発表要旨(8) 北川香子 Kitagawa Takako
「阮朝期(19世紀中葉)クメール・クロム村落の字喃-クメール併記文書について」
“Chu Nom - Khmer documents of Khmer Krom villages under Nguyen Dynasty (mid 19th century) ”
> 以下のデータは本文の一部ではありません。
Lemma p_converges_isometry {Y Z : Type} (pY : Y -> Y -> R) (pZ : Z -> Z -> R) g u v y :
  isometry pY pZ g -> (forall n, g (u n) = v n) ->
  p_converges pY u y -> p_converges pZ v (g y).
Proof.
  intros Hg Huv [Hy1 Hy2]; unfold p_converges; rewrite Hg; split.
  - apply (Un_cv_ext (fun n => pY y (u n))); auto.
    intros n; rewrite <- Huv; symmetry; apply Hg.
  - apply (Un_cv_ext (fun n => pY (u n) (u n))); auto.
    intros n; rewrite <- Huv; symmetry; apply Hg.
Qed.

Section PartialMetricSpace.
Context {Y : Type} (q : Y -> Y -> R) (Hq : is_partial_metric q).

Let q_sym x y : q x y = q y x.
Proof. apply Hq. Qed.

Let q_triangle x y z : q x z + q y y <= q x y + q y z.
Proof. apply Hq. Qed.

Lemma p_converges_uniform u y :
  p_converges q u y ->
  forall eps, 0 < eps -> exists N, forall n z, (N <= n)%nat -> Rabs (q (u n) z - q y z) < eps.
Proof.
  intros [Hy1 Hy2] eps Heps.
  destruct (Hy1 (eps / 2)) as [N1 HN1]; [lra|].
  destruct (Hy2 (eps / 2)) as [N2 HN2]; [lra|].
  exists (max N1 N2); intros n z Hn.
  specialize (HN1 n ltac:(lia)); specialize (HN2 n ltac:(lia)); unfold Rdist in *.
  pose proof (q_triangle (u n) y z); pose proof (q_triangle y (u n) z).
  rewrite (q_sym (u n) y) in *; Rabs_bounds; lra.
Qed.

Lemma p_Cauchy_to_approx u v d a :
  Un_cv d 0 -> (forall k z, Rabs (q (v k) z - q (u k) z) <= d k) ->
  p_Cauchy_to q u a -> p_Cauchy_to q v a.
Proof.
  intros Hd Hvu Ha eps Heps.
  destruct (Hd (eps / 3)) as [N1 HN1]; [lra|].
  destruct (Ha (eps / 3)) as [N2 HN2]; [lra|].
  exists (max N1 N2); intros n m Hn Hm.
  pose proof (HN1 n ltac:(lia)); pose proof (HN1 m ltac:(lia)).
  pose proof (HN2 n m ltac:(lia) ltac:(lia)).
  pose proof (Hvu n (v m)); pose proof (Hvu m (u n)).
  unfold Rdist in *; rewrite !Rminus_0_r in *.
  rewrite (q_sym (v m) (u n)), (q_sym (u m) (u n)) in *.
  Rabs_bounds; lra.
Qed.

Section Criterion.
Context {X : Type} (e : X -> Y).
Hypothesis e_limits : forall y, exists x : nat -> X, p_converges q (fun n => e (x n)) y.
Hypothesis e_Cauchy_converges : forall x : nat -> X,
  p_Cauchy q (fun n => e (x n)) -> exists y, p_converges q (fun n => e (x n)) y.

Lemma pdense_of_limits : pdense q (fun y => exists x, e x = y).
Proof.
  intros y eps Heps.
  destruct (e_limits y) as [x [Hx _]].
  destruct (Hx eps Heps) as [N HN].
  exists (e (x N)); split; [eauto|].
  specialize (HN N (le_n N)); unfold pball, Rdist in *; Rabs_bounds; lra.
Qed.

Lemma p_Cauchy_complete_of_limits : p_Cauchy_complete q.
Proof.
  intros u [a Ha].
  assert (Happrox : exists x : nat -> X, forall k z,
             Rabs (q (e (x k)) z - q (u k) z) <= 1 / 2 ^ k).
  { apply (choice (fun k x => forall z, Rabs (q (e x) z - q (u k) z) <= 1 / 2 ^ k)).
    intros k; destruct (e_limits (u k)) as [s Hs].
    destruct (p_converges_uniform _ _ Hs (1 / 2 ^ k)) as [N HN].
    { apply Rdiv_lt_0_compat; [lra | apply pow_lt; lra]. }
    exists (s N); intros z; apply Rlt_le, HN, le_n. }
  destruct Happrox as [x Hx].
  assert (Hxa : p_Cauchy_to q (fun k => e (x k)) a).
  { apply (p_Cauchy_to_approx u _ (fun k => 1 / 2 ^ k)); auto using cv_pow_half. }
  destruct (e_Cauchy_converges x (ex_intro _ a Hxa)) as [y [Hy1 Hy2]].
  assert (Hyy : q y y = a) by exact (UL_sequence _ _ _ Hy2 (p_Cauchy_to_diag _ _ _ Hxa)).
  exists y; split.
  - apply (Un_cv_close _ _ (fun k => 1 / 2 ^ k) _ Hy1 (cv_pow_half 1)).
    intros k; rewrite !(q_sym y); rewrite <- Rabs_Ropp, Ropp_minus_distr; apply Hx.
  - rewrite Hyy; exact (p_Cauchy_to_diag _ _ _ Ha).
Qed.

End Criterion.

Section AdjoinCopy.
Variable c : Y.

(* [Some c] lies in every ball around [None], as
   [adjoin_copy None (Some c) = adjoin_copy None None]. *)
Definition adjoin_copy (a b : option Y) : R :=
  match a, b with
  | Some x, Some y => q x y
  | None, Some y => q c y + 1
  | Some x, None => q x c + 1
  | None, None => q c c + 1
  end.

Lemma adjoin_copy_partial_metric : is_partial_metric adjoin_copy.
Proof.
  destruct Hq as (q_nonneg & q_sep & q_small & _ & _).
  repeat split.
  - intros [x|] [y|]; simpl;
      [apply q_nonneg | pose proof (q_nonneg x c) | pose proof (q_nonneg c y)
      | pose proof (q_nonneg c c)]; lra.
  - intros [x|] [y|]; simpl; intros E1 E2; try reflexivity.
    + f_equal; apply q_sep; assumption.
    + pose proof (q_small x c); lra.
    + pose proof (q_small y c) as Hy; rewrite (q_sym y c) in Hy; lra.
  - intros [x|] [y|]; simpl;
      [apply q_small | pose proof (q_small x c) | pose proof (q_small c y) | ]; lra.
  - intros [x|] [y|]; simpl; rewrite ?(q_sym x y), ?(q_sym x c), ?(q_sym y c); reflexivity.
  - intros [x|] [y|] [z|]; simpl;
      [ apply q_triangle | pose proof (q_triangle x y c) | pose proof (q_triangle x c z)
      | pose proof (q_sym x c) | pose proof (q_triangle c y z)
      | pose proof (q_triangle c y c) | | ]; lra.
Qed.

Lemma adjoin_copy_complete : p_Cauchy_complete q -> p_Cauchy_complete adjoin_copy.
Proof.
  intros q_complete w [a Ha].
  destruct (classic (exists N, forall n, (N <= n)%nat -> w n <> None)) as [[N HN]|Hoften].
  - set (u n := match w n with Some y => y | None => c end).
    assert (Hwu : forall n, (N <= n)%nat -> Some (u n) = w n).
    { intros n Hn; specialize (HN n Hn); unfold u; destruct (w n); congruence. }
    assert (Hu : p_Cauchy_to q u a).
    { intros eps Heps; destruct (Ha eps Heps) as [M HM].
      exists (max N M); intros n m Hn Hm.
      specialize (HM n m ltac:(lia) ltac:(lia)).
      rewrite <- (Hwu n), <- (Hwu m) in HM by lia; exact HM. }
    destruct (q_complete u (ex_intro _ a Hu)) as [y Hy].
    exists (Some y); destruct Hy as [Hy1 Hy2]; split; simpl.
    + apply (Un_cv_eventually_ext (fun n => q y (u n)) _ N); auto.
      intros n Hn; rewrite <- Hwu; auto.
    + apply (Un_cv_eventually_ext (fun n => q (u n) (u n)) _ N); auto.
      intros n Hn; rewrite <- Hwu; auto.
  - assert (Hnone : forall N, exists n, (N <= n)%nat /\ w n = None).
    { intros N; apply NNPP; intros Hno; apply Hoften; exists N.
      intros n Hn Hwn; apply Hno; eauto. }
    assert (Haa : adjoin_copy None None = a).
    { apply cond_eq; intros eps Heps; destruct (Ha eps Heps) as [N HN].
      destruct (Hnone N) as (n & Hn & Hwn).
      specialize (HN n n Hn Hn); rewrite Hwn in HN; exact HN. }
    exists None; unfold p_converges; rewrite Haa; split.
    + intros eps Heps; destruct (Ha eps Heps) as [N HN].
      destruct (Hnone N) as (m & Hm & Hwm).
      exists N; intros n Hn; specialize (HN m n Hm Hn); rewrite Hwm in HN; exact HN.
    + exact (p_Cauchy_to_diag _ _ _ Ha).
Qed.

Lemma adjoin_copy_pCauchy_completion {X : Type} (p : X -> X -> R) (i : X -> Y) x0 :
  is_pCauchy_completion p q i -> i x0 = c ->
  is_pCauchy_completion p adjoin_copy (fun x => Some (i x)).
Proof.
  intros (_ & q_complete & i_iso & i_dense) Hx0.
  split; [apply adjoin_copy_partial_metric|].
  split; [apply adjoin_copy_complete, q_complete|].
  split; [intros x y; apply i_iso|].
  intros [y|] eps Heps.
  - destruct (i_dense y eps Heps) as (y' & [x Hx] & Hy').
    exists (Some y'); split; [exists x; congruence | exact Hy'].
  - exists (Some c); split; [exists x0; congruence|].
    unfold pball; simpl; lra.
Qed.

Lemma adjoin_copy_not_limit (y : nat -> Y) :
  ~ p_converges adjoin_copy (fun n => Some (y n)) None.
Proof.
  intros [Hlim Hdiag]; simpl in Hlim, Hdiag.
  assert (Hcv : Un_cv (fun n => q c (y n)) (q c c)).
  { apply (Un_cv_ext (fun n => (q c (y n) + 1) - 1)); [intros; ring|].
    replace (q c c) with (q c c + 1 - 1) by ring.
    apply CV_minus; [exact Hlim | apply Un_cv_const]. }
  assert (q c c + 1 <= q c c); [|lra].
  apply (@Rle_cv_lim (fun n => q (y n) (y n)) (fun n => q c (y n))); auto.
  intros n; rewrite (q_sym c); apply Hq.
Qed.

End AdjoinCopy.
End PartialMetricSpace.

Section Completion.
Context {X : Type} (p : X -> X -> R) (Hp : is_partial_metric p).

Let p_sym x y : p x y = p y x.
Proof. apply Hp. Qed.

Let p_triangle x y z : p x z + p y y <= p x y + p y z.
Proof. apply Hp. Qed.

Lemma p_Cauchy_const x : p_Cauchy p (fun _ => x).
Proof.
  exists (p x x); intros eps Heps; exists 0%nat; intros.
  rewrite Rminus_diag, Rabs_R0; lra.
Qed.

Lemma p_Cauchy_pair_Cauchy_crit u v :
  p_Cauchy p u -> p_Cauchy p v -> Cauchy_crit (fun n => p (u n) (v n)).
Proof.
  intros [a Ha] [b Hb] eps Heps.
  destruct (Ha (eps / 4)) as [N1 HN1]; [lra|].
  destruct (Hb (eps / 4)) as [N2 HN2]; [lra|].
  exists (max N1 N2); intros n m Hn Hm; unfold Rdist.
  pose proof (HN1 n m ltac:(lia) ltac:(lia)); pose proof (HN1 m n ltac:(lia) ltac:(lia)).
  pose proof (HN1 n n ltac:(lia) ltac:(lia)); pose proof (HN1 m m ltac:(lia) ltac:(lia)).
  pose proof (HN2 n m ltac:(lia) ltac:(lia)); pose proof (HN2 m n ltac:(lia) ltac:(lia)).
  pose proof (HN2 n n ltac:(lia) ltac:(lia)); pose proof (HN2 m m ltac:(lia) ltac:(lia)).
  pose proof (p_triangle (u n) (u m) (v n)); pose proof (p_triangle (u m) (v m) (v n)).
  pose proof (p_triangle (u m) (u n) (v m)); pose proof (p_triangle (u n) (v n) (v m)).
  rewrite (p_sym (v m) (v n)) in *.
  Rabs_bounds; lra.
Qed.

(* A junk value unless [u] and [v] are p-Cauchy, when [p (u n) (v n)] converges. *)
Definition plim (u v : nat -> X) : R :=
  epsilon (inhabits 0) (Un_cv (fun n => p (u n) (v n))).

Lemma plim_spec u v :
  p_Cauchy p u -> p_Cauchy p v -> Un_cv (fun n => p (u n) (v n)) (plim u v).
Proof.
  intros Hu Hv; unfold plim; apply epsilon_spec.
  destruct (R_complete _ (p_Cauchy_pair_Cauchy_crit u v Hu Hv)) as [l Hl]; eauto.
Qed.

Lemma plim_eq u v l :
  p_Cauchy p u -> p_Cauchy p v -> Un_cv (fun n => p (u n) (v n)) l -> plim u v = l.
Proof. intros Hu Hv; apply UL_sequence, plim_spec; assumption. Qed.

Section Plim.
Variables u v w : nat -> X.
Hypotheses (Hu : p_Cauchy p u) (Hv : p_Cauchy p v) (Hw : p_Cauchy p w).

Lemma plim_sym : plim u v = plim v u.
Proof.
  apply plim_eq, (Un_cv_ext (fun n => p (v n) (u n))); [assumption | assumption |
    intros; apply p_sym | apply plim_spec; assumption].
Qed.

Lemma plim_nonneg : 0 <= plim u v.
Proof.
  apply (@Rle_cv_lim (fun _ => 0) (fun n => p (u n) (v n)));
    [intros; apply Hp | apply Un_cv_const | apply plim_spec; assumption].
Qed.

Lemma plim_small_self : plim u u <= plim u v.
Proof.
  apply (@Rle_cv_lim (fun n => p (u n) (u n)) (fun n => p (u n) (v n)));
    [intros; apply Hp | apply plim_spec; assumption | apply plim_spec; assumption].
Qed.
ギメ美術館所蔵文書Fonds chinois 74453-3および7には、紹治七年(1847年)の字喃・クメール文字併記文書8点が含まれている。1点は同一のベトナム語文が字喃とクメール文字で記されており、それ以外は字喃でベトナム語文、クメール文字でクメール語文が記されている。またベトナム第2国家公文書館は、字喃表記のベトナム語文とク メール文字表記のクメール語文が併記された、1868年の巴川府豊盛縣盛和總安息村の土地人丁台帳を所蔵している。報告者は現在、学習院大学東洋文化研究 所の一般研究プロジェクト「ベトナム・阮朝アーカイブズに関する基礎的研究」の一環として、慶應義塾大学言語文化研究所の嶋尾稔教授とともに、これらの解読作業を進めている。本研究会では上記の字喃・クメール文字併記文書の概要と、現時点での解読成果を報告したい。